Exercise ->
Set out exactly, line by line, the stretch of data below that begins at the line containing "Lemma cmeasurable_cst (c" and ends at the line containing "by apply: funext => p; rewrite /n /=; case: (f p).", with both ends kept.
Segment Start: Working data
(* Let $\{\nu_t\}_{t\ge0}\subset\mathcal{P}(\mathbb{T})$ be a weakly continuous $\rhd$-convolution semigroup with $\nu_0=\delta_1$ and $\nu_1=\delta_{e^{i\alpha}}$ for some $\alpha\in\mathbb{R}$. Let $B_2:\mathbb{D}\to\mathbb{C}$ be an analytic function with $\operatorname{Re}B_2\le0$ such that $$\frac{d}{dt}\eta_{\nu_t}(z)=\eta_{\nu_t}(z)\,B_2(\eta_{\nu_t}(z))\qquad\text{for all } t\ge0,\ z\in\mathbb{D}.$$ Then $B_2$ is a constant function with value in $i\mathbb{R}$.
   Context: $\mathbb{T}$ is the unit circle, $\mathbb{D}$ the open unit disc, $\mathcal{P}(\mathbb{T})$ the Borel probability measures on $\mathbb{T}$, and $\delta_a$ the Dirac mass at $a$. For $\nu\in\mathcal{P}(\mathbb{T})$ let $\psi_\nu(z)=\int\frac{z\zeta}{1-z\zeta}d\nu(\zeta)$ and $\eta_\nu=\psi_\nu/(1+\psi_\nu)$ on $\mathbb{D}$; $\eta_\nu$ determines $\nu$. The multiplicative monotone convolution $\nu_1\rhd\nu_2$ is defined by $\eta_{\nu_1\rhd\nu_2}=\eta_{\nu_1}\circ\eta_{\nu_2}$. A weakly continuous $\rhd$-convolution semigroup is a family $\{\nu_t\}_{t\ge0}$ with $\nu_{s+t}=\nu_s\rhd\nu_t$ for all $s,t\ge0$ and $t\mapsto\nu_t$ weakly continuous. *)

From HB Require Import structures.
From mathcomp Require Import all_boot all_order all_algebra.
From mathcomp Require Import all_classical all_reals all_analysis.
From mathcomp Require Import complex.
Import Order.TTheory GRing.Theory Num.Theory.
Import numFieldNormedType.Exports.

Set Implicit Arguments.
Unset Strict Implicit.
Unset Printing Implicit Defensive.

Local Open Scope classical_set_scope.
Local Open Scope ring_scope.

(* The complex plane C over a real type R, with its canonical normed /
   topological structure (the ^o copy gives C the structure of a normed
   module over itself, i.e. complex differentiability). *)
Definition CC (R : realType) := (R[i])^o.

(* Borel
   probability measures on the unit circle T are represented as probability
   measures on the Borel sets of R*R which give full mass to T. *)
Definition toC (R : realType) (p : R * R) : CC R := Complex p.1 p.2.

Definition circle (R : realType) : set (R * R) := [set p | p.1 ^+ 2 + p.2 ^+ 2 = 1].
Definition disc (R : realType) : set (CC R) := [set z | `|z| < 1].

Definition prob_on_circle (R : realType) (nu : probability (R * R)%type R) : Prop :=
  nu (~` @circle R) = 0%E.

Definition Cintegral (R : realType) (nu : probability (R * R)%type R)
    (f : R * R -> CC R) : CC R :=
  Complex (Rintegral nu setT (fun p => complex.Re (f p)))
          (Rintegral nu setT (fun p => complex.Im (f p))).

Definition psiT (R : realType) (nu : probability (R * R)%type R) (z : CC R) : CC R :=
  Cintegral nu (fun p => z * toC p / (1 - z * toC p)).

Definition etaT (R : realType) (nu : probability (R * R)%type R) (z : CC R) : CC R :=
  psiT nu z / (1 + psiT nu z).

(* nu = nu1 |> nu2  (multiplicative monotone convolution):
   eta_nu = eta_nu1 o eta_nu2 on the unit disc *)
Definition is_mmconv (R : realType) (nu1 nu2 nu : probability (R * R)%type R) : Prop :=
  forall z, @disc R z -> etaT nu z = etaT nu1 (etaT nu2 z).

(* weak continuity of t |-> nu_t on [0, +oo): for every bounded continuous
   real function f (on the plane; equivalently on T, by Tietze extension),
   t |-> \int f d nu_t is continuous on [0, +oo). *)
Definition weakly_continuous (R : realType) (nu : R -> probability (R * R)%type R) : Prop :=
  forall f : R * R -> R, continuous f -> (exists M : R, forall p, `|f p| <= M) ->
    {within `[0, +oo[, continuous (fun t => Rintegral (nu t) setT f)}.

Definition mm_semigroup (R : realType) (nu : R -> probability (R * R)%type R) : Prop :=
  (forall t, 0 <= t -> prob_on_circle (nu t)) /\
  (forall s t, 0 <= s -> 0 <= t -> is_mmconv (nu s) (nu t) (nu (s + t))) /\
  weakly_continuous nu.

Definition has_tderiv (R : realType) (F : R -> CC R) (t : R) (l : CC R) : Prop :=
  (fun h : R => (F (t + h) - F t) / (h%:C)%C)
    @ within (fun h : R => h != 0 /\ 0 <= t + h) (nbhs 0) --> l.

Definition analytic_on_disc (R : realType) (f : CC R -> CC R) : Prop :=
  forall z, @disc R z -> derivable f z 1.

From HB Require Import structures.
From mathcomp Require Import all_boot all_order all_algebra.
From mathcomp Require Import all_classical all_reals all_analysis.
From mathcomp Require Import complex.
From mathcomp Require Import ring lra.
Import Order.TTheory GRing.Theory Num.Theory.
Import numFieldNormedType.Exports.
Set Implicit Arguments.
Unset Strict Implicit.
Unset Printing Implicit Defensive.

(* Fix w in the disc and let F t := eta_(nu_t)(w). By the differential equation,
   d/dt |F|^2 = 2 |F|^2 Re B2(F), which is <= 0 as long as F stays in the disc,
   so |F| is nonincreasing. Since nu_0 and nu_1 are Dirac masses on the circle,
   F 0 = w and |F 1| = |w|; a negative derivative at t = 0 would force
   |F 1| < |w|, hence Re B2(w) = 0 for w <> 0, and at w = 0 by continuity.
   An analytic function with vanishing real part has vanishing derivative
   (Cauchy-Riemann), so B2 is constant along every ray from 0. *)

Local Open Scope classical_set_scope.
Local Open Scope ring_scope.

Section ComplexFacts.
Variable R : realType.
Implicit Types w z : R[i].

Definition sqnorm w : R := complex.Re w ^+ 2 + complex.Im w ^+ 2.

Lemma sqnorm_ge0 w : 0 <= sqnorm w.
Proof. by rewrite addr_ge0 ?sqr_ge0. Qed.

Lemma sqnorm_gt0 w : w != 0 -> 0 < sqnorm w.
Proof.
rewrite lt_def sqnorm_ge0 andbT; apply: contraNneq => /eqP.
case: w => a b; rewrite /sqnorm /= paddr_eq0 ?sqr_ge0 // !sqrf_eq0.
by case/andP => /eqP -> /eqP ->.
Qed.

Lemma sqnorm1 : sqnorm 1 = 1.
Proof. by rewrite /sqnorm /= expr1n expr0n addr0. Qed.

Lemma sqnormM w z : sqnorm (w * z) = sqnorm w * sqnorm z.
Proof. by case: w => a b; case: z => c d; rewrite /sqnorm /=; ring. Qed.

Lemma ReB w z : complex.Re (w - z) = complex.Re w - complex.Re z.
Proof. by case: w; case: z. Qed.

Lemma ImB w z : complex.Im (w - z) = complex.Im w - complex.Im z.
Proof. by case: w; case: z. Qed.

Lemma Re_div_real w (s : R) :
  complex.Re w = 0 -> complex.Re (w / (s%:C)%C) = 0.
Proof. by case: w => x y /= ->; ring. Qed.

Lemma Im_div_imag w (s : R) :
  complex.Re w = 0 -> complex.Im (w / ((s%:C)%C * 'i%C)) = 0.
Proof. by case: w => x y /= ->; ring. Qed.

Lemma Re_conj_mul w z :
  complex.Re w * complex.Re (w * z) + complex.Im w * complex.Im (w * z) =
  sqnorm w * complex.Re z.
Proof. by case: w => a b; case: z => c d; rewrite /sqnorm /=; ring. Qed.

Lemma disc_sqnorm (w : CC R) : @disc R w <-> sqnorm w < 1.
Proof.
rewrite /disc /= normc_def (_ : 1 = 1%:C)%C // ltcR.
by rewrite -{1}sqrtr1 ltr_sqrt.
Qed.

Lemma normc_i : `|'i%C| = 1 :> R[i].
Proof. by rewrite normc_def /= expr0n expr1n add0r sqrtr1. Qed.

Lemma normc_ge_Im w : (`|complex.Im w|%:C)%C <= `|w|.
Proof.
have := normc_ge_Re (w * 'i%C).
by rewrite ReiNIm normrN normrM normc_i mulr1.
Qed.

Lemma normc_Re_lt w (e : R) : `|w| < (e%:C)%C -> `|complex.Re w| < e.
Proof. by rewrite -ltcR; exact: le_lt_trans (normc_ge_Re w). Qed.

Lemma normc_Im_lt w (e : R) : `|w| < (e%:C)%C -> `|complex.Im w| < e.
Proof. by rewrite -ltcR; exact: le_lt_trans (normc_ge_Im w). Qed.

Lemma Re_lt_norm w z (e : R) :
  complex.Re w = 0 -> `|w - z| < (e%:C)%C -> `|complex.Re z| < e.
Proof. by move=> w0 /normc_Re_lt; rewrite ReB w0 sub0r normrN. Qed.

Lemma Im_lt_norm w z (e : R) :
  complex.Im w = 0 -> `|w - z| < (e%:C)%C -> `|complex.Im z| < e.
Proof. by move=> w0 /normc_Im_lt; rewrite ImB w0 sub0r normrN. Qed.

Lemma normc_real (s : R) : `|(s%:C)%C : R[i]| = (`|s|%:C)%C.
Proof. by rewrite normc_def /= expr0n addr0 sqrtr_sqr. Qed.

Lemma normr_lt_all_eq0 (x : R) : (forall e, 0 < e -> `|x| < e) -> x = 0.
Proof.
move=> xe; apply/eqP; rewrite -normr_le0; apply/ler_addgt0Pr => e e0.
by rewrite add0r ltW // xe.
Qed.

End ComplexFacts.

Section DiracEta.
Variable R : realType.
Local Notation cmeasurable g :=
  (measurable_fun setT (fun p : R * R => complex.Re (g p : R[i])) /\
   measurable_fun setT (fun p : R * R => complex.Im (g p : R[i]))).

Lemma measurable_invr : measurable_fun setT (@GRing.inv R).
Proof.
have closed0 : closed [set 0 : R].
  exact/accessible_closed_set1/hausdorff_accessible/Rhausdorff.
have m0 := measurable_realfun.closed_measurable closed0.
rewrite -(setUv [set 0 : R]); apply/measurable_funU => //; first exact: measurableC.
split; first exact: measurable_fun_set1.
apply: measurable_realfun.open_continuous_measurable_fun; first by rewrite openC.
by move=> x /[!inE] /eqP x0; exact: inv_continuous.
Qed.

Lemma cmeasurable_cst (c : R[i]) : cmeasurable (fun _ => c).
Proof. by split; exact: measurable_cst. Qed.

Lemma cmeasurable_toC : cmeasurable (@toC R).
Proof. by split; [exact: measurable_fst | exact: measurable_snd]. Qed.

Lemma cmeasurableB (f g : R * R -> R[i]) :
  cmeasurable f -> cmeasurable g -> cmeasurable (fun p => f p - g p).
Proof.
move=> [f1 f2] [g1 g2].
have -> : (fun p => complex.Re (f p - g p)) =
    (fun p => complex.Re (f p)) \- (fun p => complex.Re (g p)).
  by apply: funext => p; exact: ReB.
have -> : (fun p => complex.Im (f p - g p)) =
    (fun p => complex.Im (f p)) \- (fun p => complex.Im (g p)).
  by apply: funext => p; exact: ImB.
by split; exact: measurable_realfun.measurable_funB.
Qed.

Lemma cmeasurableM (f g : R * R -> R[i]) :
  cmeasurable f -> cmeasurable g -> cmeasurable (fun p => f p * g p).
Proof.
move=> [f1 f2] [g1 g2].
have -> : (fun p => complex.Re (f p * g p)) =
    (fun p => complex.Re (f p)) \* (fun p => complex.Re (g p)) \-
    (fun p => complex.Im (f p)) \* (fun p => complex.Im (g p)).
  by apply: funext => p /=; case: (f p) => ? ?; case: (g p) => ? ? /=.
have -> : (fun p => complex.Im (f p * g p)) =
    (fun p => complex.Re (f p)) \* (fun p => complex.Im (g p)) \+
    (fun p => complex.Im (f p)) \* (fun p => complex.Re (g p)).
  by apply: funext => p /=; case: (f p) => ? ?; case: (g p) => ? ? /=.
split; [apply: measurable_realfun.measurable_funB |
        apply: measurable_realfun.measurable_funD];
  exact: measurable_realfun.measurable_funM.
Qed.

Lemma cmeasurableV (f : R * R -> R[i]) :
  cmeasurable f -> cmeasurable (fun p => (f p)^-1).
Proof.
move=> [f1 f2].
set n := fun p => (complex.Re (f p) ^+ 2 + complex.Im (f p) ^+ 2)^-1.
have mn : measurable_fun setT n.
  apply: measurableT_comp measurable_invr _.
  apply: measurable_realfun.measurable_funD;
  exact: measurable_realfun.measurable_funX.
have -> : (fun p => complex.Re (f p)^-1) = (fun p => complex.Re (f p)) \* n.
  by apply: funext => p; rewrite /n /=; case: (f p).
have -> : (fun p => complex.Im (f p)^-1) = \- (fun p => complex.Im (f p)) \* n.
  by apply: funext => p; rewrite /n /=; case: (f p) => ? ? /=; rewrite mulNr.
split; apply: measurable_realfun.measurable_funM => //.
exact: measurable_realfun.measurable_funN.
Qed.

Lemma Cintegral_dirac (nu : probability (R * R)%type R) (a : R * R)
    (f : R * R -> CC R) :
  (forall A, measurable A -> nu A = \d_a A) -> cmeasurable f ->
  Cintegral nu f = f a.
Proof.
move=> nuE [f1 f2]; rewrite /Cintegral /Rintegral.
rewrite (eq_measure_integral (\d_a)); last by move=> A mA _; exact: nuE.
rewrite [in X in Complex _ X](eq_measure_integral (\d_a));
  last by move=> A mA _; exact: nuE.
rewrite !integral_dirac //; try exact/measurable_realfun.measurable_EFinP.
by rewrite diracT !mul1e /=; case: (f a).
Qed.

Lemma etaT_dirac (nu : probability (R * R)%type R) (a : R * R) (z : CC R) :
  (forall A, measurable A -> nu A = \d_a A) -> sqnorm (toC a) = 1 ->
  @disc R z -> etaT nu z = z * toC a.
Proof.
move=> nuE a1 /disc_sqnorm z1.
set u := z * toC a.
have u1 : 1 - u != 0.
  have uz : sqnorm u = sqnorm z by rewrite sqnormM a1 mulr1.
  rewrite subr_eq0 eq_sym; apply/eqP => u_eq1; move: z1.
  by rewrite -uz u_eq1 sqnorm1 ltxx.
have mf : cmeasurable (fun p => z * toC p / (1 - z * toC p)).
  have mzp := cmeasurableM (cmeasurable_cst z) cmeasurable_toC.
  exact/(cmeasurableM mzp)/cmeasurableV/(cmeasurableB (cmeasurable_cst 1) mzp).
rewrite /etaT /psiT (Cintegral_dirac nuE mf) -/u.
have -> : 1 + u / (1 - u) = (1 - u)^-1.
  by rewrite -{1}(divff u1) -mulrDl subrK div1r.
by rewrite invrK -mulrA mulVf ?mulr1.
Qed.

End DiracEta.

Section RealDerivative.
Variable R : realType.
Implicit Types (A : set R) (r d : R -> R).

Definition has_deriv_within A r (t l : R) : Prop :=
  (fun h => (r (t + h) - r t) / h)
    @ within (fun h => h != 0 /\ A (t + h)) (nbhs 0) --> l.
Segment End: Working data
Response ->
Lemma cmeasurable_cst (c : R[i]) : cmeasurable (fun _ => c).
Proof. by split; exact: measurable_cst. Qed.

Lemma cmeasurable_toC : cmeasurable (@toC R).
Proof. by split; [exact: measurable_fst | exact: measurable_snd]. Qed.

Lemma cmeasurableB (f g : R * R -> R[i]) :
  cmeasurable f -> cmeasurable g -> cmeasurable (fun p => f p - g p).
Proof.
move=> [f1 f2] [g1 g2].
have -> : (fun p => complex.Re (f p - g p)) =
    (fun p => complex.Re (f p)) \- (fun p => complex.Re (g p)).
  by apply: funext => p; exact: ReB.
have -> : (fun p => complex.Im (f p - g p)) =
    (fun p => complex.Im (f p)) \- (fun p => complex.Im (g p)).
  by apply: funext => p; exact: ImB.
by split; exact: measurable_realfun.measurable_funB.
Qed.

Lemma cmeasurableM (f g : R * R -> R[i]) :
  cmeasurable f -> cmeasurable g -> cmeasurable (fun p => f p * g p).
Proof.
move=> [f1 f2] [g1 g2].
have -> : (fun p => complex.Re (f p * g p)) =
    (fun p => complex.Re (f p)) \* (fun p => complex.Re (g p)) \-
    (fun p => complex.Im (f p)) \* (fun p => complex.Im (g p)).
  by apply: funext => p /=; case: (f p) => ? ?; case: (g p) => ? ? /=.
have -> : (fun p => complex.Im (f p * g p)) =
    (fun p => complex.Re (f p)) \* (fun p => complex.Im (g p)) \+
    (fun p => complex.Im (f p)) \* (fun p => complex.Re (g p)).
  by apply: funext => p /=; case: (f p) => ? ?; case: (g p) => ? ? /=.
split; [apply: measurable_realfun.measurable_funB |
        apply: measurable_realfun.measurable_funD];
  exact: measurable_realfun.measurable_funM.
Qed.

Lemma cmeasurableV (f : R * R -> R[i]) :
  cmeasurable f -> cmeasurable (fun p => (f p)^-1).
Proof.
move=> [f1 f2].
set n := fun p => (complex.Re (f p) ^+ 2 + complex.Im (f p) ^+ 2)^-1.
have mn : measurable_fun setT n.
  apply: measurableT_comp measurable_invr _.
  apply: measurable_realfun.measurable_funD;
  exact: measurable_realfun.measurable_funX.
have -> : (fun p => complex.Re (f p)^-1) = (fun p => complex.Re (f p)) \* n.
  by apply: funext => p; rewrite /n /=; case: (f p).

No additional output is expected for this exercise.